Once incoming children are registered at city schools, the Department of Education plans to support the incoming population by targeting city schools with high numbers of English Language Learners. The DOE plans to offer weekend workshops at targeted schools for students and families to encourage school and health insurance enrollment, according to the department spokesperson.
The workshops are also intended to continue to connect students and the families caring for them with city social services like legal “screenings” and mental health referrals, according to the DOE.
Q: Have the schools been welcoming?
Some schools in New York State have recently turned away immigrant students, prompting a review by state officials, according to The Associated Press.
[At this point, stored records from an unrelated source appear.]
(* Let $B=2\pi/\sqrt{6}$, $F(\alpha)=\dfrac{1+e^{-\alpha}}{1+e^{-\alpha}+e^{-2\alpha}}$, and for integers $n,\ell\ge 0$ let $Q_1(n,\ell)=2n(3n+1)+3n\ell$ and $Q_2(n,\ell)=Q_1(n,\ell)+8n+4+2\ell$. Define $$I_M(\ell,N)=\sum_{n\ge 0}\left(e^{-\frac{BQ_1(n,\ell)}{2\sqrt{N}}}-e^{-\frac{BQ_2(n,\ell)}{2\sqrt{N}}}\right).$$ Then, uniformly for integers $0\le\ell\le\sqrt{N}(\log N)^2$, as $N\to\infty$, $$I_M(\ell,N)=\left(1+O\left(N^{-1/10}\right)\right)F\left(\frac{B\ell}{2\sqrt{N}}\right).$$ *)

From Stdlib Require Import Reals.
Open Scope R_scope.

Definition B : R := 2 * PI / sqrt 6.

Definition F (a : R) : R :=
  (1 + exp (- a)) / (1 + exp (- a) + exp (- (2 * a))).

Definition Q1 (n l : nat) : R :=
  2 * INR n * (3 * INR n + 1) + 3 * INR n * INR l.
Definition Q2 (n l : nat) : R := Q1 n l + 8 * INR n + 4 + 2 * INR l.

Definition IM_term (l N : nat) (n : nat) : R :=
  exp (- (B * Q1 n l / (2 * sqrt (INR N))))
  - exp (- (B * Q2 n l / (2 * sqrt (INR N)))).

(* Put t = B / (2 sqrt N) and a = t l.  Since Q1(n, l) = 6 n^2 + (2 + 3 l) n
   and Q2(n, l) is the same quadratic evaluated at n + 2/3, the n-th summand
   of I_M(l, N) is psi(n) - psi(n + 2/3) for the profile
   psi(x) = exp(-(6 t x^2 + b x)) with b = 2 t + 3 a.  The series converges
   because psi decreases, and its sum S is compared with F(a) at a scale
   tau in (0, 1] with t <= tau^4, in two regimes:

   - a < tau: by the mean value theorem the summands are (2/3) g(xi n),
     while psi(n + 2/3) - psi(n + 1) = (1/3) g(eta n), where g = -psi' is
     unimodal on [0, oo).  Alternating sums of a unimodal function are
     bounded by its maximum, so S is within (2/9) (b + sqrt (6 t)) of the
     telescoped value 2/3, and 2/3 <= F(a) <= 2/3 + a.
   - a >= tau: dropping the factor exp(-(6 t x^2 + 2 t x)) from psi leaves
     the geometric series sum_n (1 - e^{-2a}) e^{-3 a n} = F(a), at a total
     cost O(t / a^3).

   Both give |S - F(a)| <= 40 tau. *)

From Stdlib Require Import Reals Lra Lia ClassicalEpsilon.
From Coquelicot Require Import Coquelicot.
Open Scope R_scope.

Lemma interlaced_gap_sum (c d : nat -> R) (M : nat) :
  (forall n, c n <= d n <= c (S n)) ->
  0 <= sum_f_R0 (fun n => d n - c n) M <= d M - c 0%nat.
Proof.
  intros Hcd; induction M as [|M IH]; simpl.
  - specialize (Hcd 0%nat); lra.
  - pose proof (Hcd M); pose proof (Hcd (S M)); lra.
Qed.

Lemma telescoping_sum (f : nat -> R) (M : nat) :
  sum_f_R0 (fun n => f n - f (S n)) M = f 0%nat - f (S M).
Proof. induction M as [|M IH]; simpl; [ring | rewrite IH; ring]. Qed.

Lemma Un_cv_const (c : R) : Un_cv (fun _ => c) c.
Proof.
  intros e He; exists 0%nat; intros n _.
  unfold R_dist; rewrite Rminus_diag, Rabs_R0; lra.
Qed.

Lemma Un_cv_ext (u v : nat -> R) (l : R) :
  (forall n, u n = v n) -> Un_cv u l -> Un_cv v l.
Proof.
  intros Huv Hu e He; destruct (Hu e He) as [N HN].
  exists N; intros n Hn; rewrite <- Huv; auto.
Qed.

Lemma Un_cv_dist_le (u v : nat -> R) (l m E : R) :
  Un_cv u l -> Un_cv v m -> (forall n, Rabs (u n - v n) <= E) ->
  Rabs (l - m) <= E.
Proof.
  intros Hu Hv HE.
  pose proof (CV_minus _ _ _ _ Hu Hv) as Hd.
  assert (Hbnd : forall n, - E <= u n - v n <= E)
    by (intros n; apply Rabs_le_between, HE).
  apply Rabs_le_between; split.
  - apply (Rle_cv_lim (Un := fun _ => - E) (Vn := fun n => u n - v n));
      [intros n; apply Hbnd | apply Un_cv_const | exact Hd].
  - apply (Rle_cv_lim (Un := fun n => u n - v n) (Vn := fun _ => E));
      [intros n; apply Hbnd | exact Hd | apply Un_cv_const].
Qed.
And the New York Civil Liberties Union recently released a study finding that 139 school districts in the state may have illegally obstructed the enrollment of immigrant children. None of the districts named are within New York City, though several are in Long Island’s Suffolk and Nassau Counties. Those two counties received the most unaccompanied migrant children in the state over the last fiscal year—1,600 and 1,446, respectively.
Though New York City schools have perennial problems with overcrowding, large class sizes, and with keeping pace with the growth of its student population, the Department of Education official dismissed the possibility that the incoming migrant students would negatively impact the city’s school system. “We’re very equipped for handling this influx,” the official said. “And that’s why we were chosen as one of the cities to do this. We have schools that get newcomers all the time—this is one of the things we do all the time.”